The Hating Game by Sally Thorne

The Hating Game by Sally Thorne

Genre: Romance

Rating: ⭐️⭐️⭐️⭐️

 

 

Now, The hating game by Sally Thorne would have gotten a five-star because the romance was real. I mean very real. It wasn’t some out-of-context romance that you know can never happen in the real world. Unlike the romance in the Crossfire series, it was mild. 

The sex scenes weren’t exaggerated, plus they were in subtext. Anyone can read The Hating Game by Sally Thorne, considering that it had no vulgar words. At all.

 

Blurb of The Hating Game by Sally Thorne

 

1) An opponent or rival whom a person cannot best or overcome. 2) A person’s undoing. 3) Joshua Templeman. Lucy Hutton has always been certain that the nice girl can get the corner office. She’s charming and accommodating and prides herself on being loved by everyone at Bexley and Gamin. Everyone except for coldly efficient, impeccably attired, physical, intimidating Joshua Templeman. And the feeling is mutual. Trapped in a shared office together 40 (ok 50 or 60) hours a week, they’ve become entrenched in an addictive, ridiculous never-ending game of one-upmanship. There’s the staring game.
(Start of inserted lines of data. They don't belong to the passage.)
(* Under the parity conditions the outer valuations never coincide, so one of
   them dominates; hence no solution with x or y of small valuation mod p^N. *)
Lemma quartic_insoluble_mod p (A Bm C L x y z : int) (d N : nat) : prime p ->
  A != 0 -> C != 0 -> L != 0 -> ((p ^ d)%N%:Z %| Bm)%Z ->
  (2 * d = vp p A + vp p C)%N -> odd (vp p A + d) -> odd (vp p A + vp p L) ->
  (x != 0 /\ (vp p A + 4 * vp p x < N)%N) \/ (y != 0 /\ (vp p C + 4 * vp p y < N)%N) ->
  ((p ^ N)%N%:Z %| L * z ^+ 2 - quartic A Bm C x y)%Z -> False.
Proof.
move=> pp hA hC hL hB.
wlog [hx hNx] : A C x y hA hC / x != 0 /\ (vp p A + 4 * vp p x < N)%N.
  move=> sym hd hAd hAL [hxN|hyN] hdiv.
    by apply: (sym A C x y hA hC hxN hd hAd hAL _ hdiv); left.
  rewrite quarticC in hdiv; apply: (sym C A y x hC hA hyN _ _ _ _ hdiv); last by left.
  - by clear -hd; lia.
  - by clear -hd hAd; lia.
  - by clear -hd hAL; lia.
move=> hd hAd hAL _ hdiv.
have [y0|hy] := eqVneq y 0.
  by apply: (quartic_dominant_insoluble pp hA hC hL hB hd hAL hx _ hNx hdiv); left.
have [hlt|hgt|heq] := ltngtP (vp p A + 4 * vp p x) (vp p C + 4 * vp p y).
- by apply: (quartic_dominant_insoluble pp hA hC hL hB hd hAL hx _ hNx hdiv); right.
- rewrite quarticC in hdiv.
  have hd' : (2 * d = vp p C + vp p A)%N by clear -hd; lia.
  have hCL : odd (vp p C + vp p L) by clear -hd hAL; lia.
  apply: (quartic_dominant_insoluble pp hC hA hL hB hd' hCL hy _ _ hdiv).
    by right.
  by clear -hgt hNx; lia.
- by clear -hd hAd heq; lia.
Qed.

Lemma zp_cong p X : zp_elt p X -> forall n j, ((p ^ n)%N%:Z %| X (n + j)%N - X n)%Z.
Proof.
move=> hX n; elim=> [|j IH]; first by rewrite addn0 subrr dvdz0.
have step : ((p ^ n)%N%:Z %| X (n + j).+1 - X (n + j)%N)%Z.
  by apply: (dvd_pow_le (leq_addr j n)); rewrite -eqz_mod_dvd; apply/eqP; apply: hX.
by rewrite addnS -[X _.+1](subrK (X (n + j)%N)) -addrA rpredD.
Qed.

Lemma zp_nonzero_eventually p X : prime p -> zp_elt p X -> zp_nonzero p X ->
  exists n0, forall N, (n0 <= N)%N -> X N != 0 /\ (vp p (X N) < n0)%N.
Proof.
move=> pp hX [n0 hn0]; exists n0 => N hN.
have not_dvd : ~~ ((p ^ n0)%N%:Z %| X N)%Z.
  apply: contra hn0 => h.
  have := zp_cong hX n0 (N - n0); rewrite subnKC // => hc.
  by rewrite -[X n0](subKr (X N)) rpredD // rpredN.
have hXN : X N != 0 by apply: contraNneq not_dvd => ->; rewrite dvdz0.
by move: not_dvd; rewrite dvd_vp // -ltnNge.
Qed.

Lemma zp_pair_eventually p X Y : prime p -> zp_elt p X -> zp_elt p Y ->
  zp_nonzero p X \/ zp_nonzero p Y -> exists n0, forall N, (n0 <= N)%N ->
    (X N != 0 /\ (vp p (X N) < n0)%N) \/ (Y N != 0 /\ (vp p (Y N) < n0)%N).
Proof.
move=> pp hX hY [hnz|hnz].
  by have [n0 h] := zp_nonzero_eventually pp hX hnz; exists n0 => N /h; left.
by have [n0 h] := zp_nonzero_eventually pp hY hnz; exists n0 => N /h; right.
Qed.

Lemma padic_soluble_even p (B M : int) (a c : rat) : prime p ->
  ~~ (p%:Z %| M)%Z -> a * c = M%:~R -> padic_soluble p B a c ->
  ~~ odd (vp p (numq a * denq a)).
Proof.
move=> pp hpM hac [k [X [Y [Z [hX hY _ hnz hsol]]]]]; apply/negP => hodd.
have hM : M != 0 by apply: contraNneq hpM => ->; rewrite dvdz0.
have [hna hnc] : numq a != 0 /\ numq c != 0.
  by rewrite !numq_eq0; apply: mul_neq0_factors hac _; rewrite intr_eq0.
have hda := denq_neq0 a; have hdc := denq_neq0 c.
have vM : vp p M = 0%N.
  by apply/eqP; rewrite -leqn0 leqNgt -dvd_vp // expn1.
have vid : (vp p (numq a) + vp p (numq c) = vp p (denq a) + vp p (denq c))%N.
  by have := congr1 (vp p) (num_den_id hac); rewrite -mulrA !vpM ?mulf_neq0 // vM.
rewrite vpM // in hodd.
have hpk : (p ^ (2 * k))%N%:Z != 0 by rewrite -absz_gt0 absz_nat expn_gt0 prime_gt0.
(* Apply quartic_insoluble_mod with A = numq a * denq c, C = numq c * denq a,
   L = denq a * denq c * p^(2k) and d = ord_p (denq a * denq c), at a level N
   beyond the valuations of the solution. *)
have hdB : ((p ^ (vp p (denq a) + vp p (denq c)))%N%:Z %| denq a * denq c * B)%Z.
  by apply: dvdz_mulr; rewrite expnD PoszM dvdz_mul ?dvd_vp_self.
have [n0 hn0] := zp_pair_eventually pp hX hY hnz.
set N := (vp p (numq a) + vp p (denq c) + vp p (numq c) + vp p (denq a) + 5 * n0)%N.
have hN := hn0 N (leq_trans (leq_pmull n0 (isT : 0 < 5)%N) (leq_addl _ _)).
have bigN : (vp p (numq a) + vp p (denq c) + 4 * n0 <= N /\
             vp p (numq c) + vp p (denq a) + 4 * n0 <= N)%N.
  by rewrite /N; clear; split; lia.
clearbody N.
apply: (quartic_insoluble_mod (x := X N) (y := Y N) (z := Z N) pp _ _ _ hdB _ _ _ _
  (hsol N)); rewrite ?mulf_neq0 // ?vpM ?mulf_neq0 // ?vp_pow //.
- by clear -vid; lia.
- by clear -hodd; lia.
- by clear -hodd; lia.
- by case: hN => -[h1 h2]; [left|right]; split=> //; clear -h2 bigN; lia.
Qed.

Lemma odd_order_dvd (B M : int) (a c : rat) (a0 q : int) :
  inW B M a c -> locally_soluble B a c -> q != 0 ->
  numq a * denq a = a0 * q ^+ 2 ->
  forall p, prime p -> vp p a0 = 1%N -> (p%:Z %| M)%Z.
Proof.
move=> hW [_ hloc] hq e p pp va0; apply/negPn/negP => hpM.
have ha0 : a0 != 0 by apply/eqP => a00; move: va0; rewrite a00 /vp logn0.
have := padic_soluble_even pp hpM hW (hloc p pp).
by rewrite e vpM ?expf_neq0 // vpX va0 oddD oddM.
Qed.

Definition sqfree (a : int) : Prop :=
  forall p : nat, prime p -> (logn p `|a|%N <= 1)%N.

Lemma nat_sqfree_decomposition (n : nat) : (0 < n)%N ->
  exists q r : nat, [/\ (0 < q)%N, n = (q ^ 2 * r)%N & sqfree r].
Proof.
elim/ltn_ind: n => n IH n_gt0.
have [/hasP[p pn lp]|/hasPn small] := boolP (has (fun p => 1 < logn p n)%N (primes n)).
  have pp : prime p by move: pn; rewrite mem_primes => /andP[].
  have p2n : (p ^ 2 %| n)%N by rewrite pfactor_dvdn.
  have p2_gt1 : (1 < p ^ 2)%N by rewrite -(exp1n 2) ltn_exp2r // prime_gt1.
  have en : n = (n %/ p ^ 2 * p ^ 2)%N by rewrite divnK.
  have n'_gt0 : (0 < n %/ p ^ 2)%N by rewrite divn_gt0 ?expn_gt0 ?prime_gt0 // dvdn_leq.
  have lt_n : (n %/ p ^ 2 < n)%N by rewrite ltn_Pdiv // expn_gt0 prime_gt0.
  have [q [r [q_gt0 en' sqr]]] := IH _ lt_n n'_gt0.
  exists (p * q)%N, r; split=> //; first by rewrite muln_gt0 prime_gt0.
  by rewrite en en'; ring.
exists 1%N, n; split; rewrite ?exp1n ?mul1n // => p pp.
case pn: (p \in primes n); first by rewrite leqNgt small.
suff -> : logn p `|n%:Z|%N = 0%N by [].
by apply/eqP; rewrite absz_nat -leqn0 leqNgt logn_gt0 pn.
Qed.

Lemma sqfree_decomposition (n : int) : n != 0 ->
  exists (a0 : int) (q : nat), [/\ (0 < q)%N, n = a0 * (q ^ 2)%N%:Z & sqfree a0].
Proof.
move=> n_neq0; have [|q [r [q_gt0 en sqr]]] := @nat_sqfree_decomposition `|n|%N.
  by rewrite absz_gt0.
exists ((-1) ^+ (n < 0)%R * r%:Z), q; split=> //.
  by rewrite {1}(numEsign n) -abszE en PoszM; ring.
by move=> p pp; rewrite abszM abszX /= exp1n mul1n; apply: sqr.
Qed.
The mirror game. The HR Game. Lucy can’t let Joshua beat her at anything— especially when a big promotion goes up for the taking. If Lucy wins this game, she’ll be Joshua’s boss. If she loses, she’ll resign. So why is she suddenly having steamy dreams about Joshua and dressing for work like she’s got a hot date? Maybe Lucy Hutton doesn’t hate Joshua, and perhaps it’s just another game.

 

Okay, so when I stumbled on The Hating Game by Sally Thorne, the genre clearly said “romance.” After reading it, I felt they should have added that it was a “rom-com” or “chick lit” because 70% of the time I used reading this book was spent laughing.

The Hating Game made sure there was a massive contrast between both protagonists. You know the thing where the female protagonist is small, short and cute. And the male is tall, handsome and built. That was the scenario in this book, and every time the book always pointed this out for a reason, I can’t say.

 

Oh yes! The Hating Game also mentioned something about the “Big brother” show in the book😂.

 

“Have fun, everyone,” Helen calls. “And remember, we can see you!” With that eerie Big brother comment ringing in our ears, we begin.

The hating game

 

Exactly! This is typical of Big brother. “Remember, big brother sees everything.” Again, the sarcasm in the Hating Game was top-notch. I’d love to drop another quote, but then that would be a spoiler for people interested in reading this book. I also loved how the book seamlessly transitioned from the main characters hating each other to falling in love.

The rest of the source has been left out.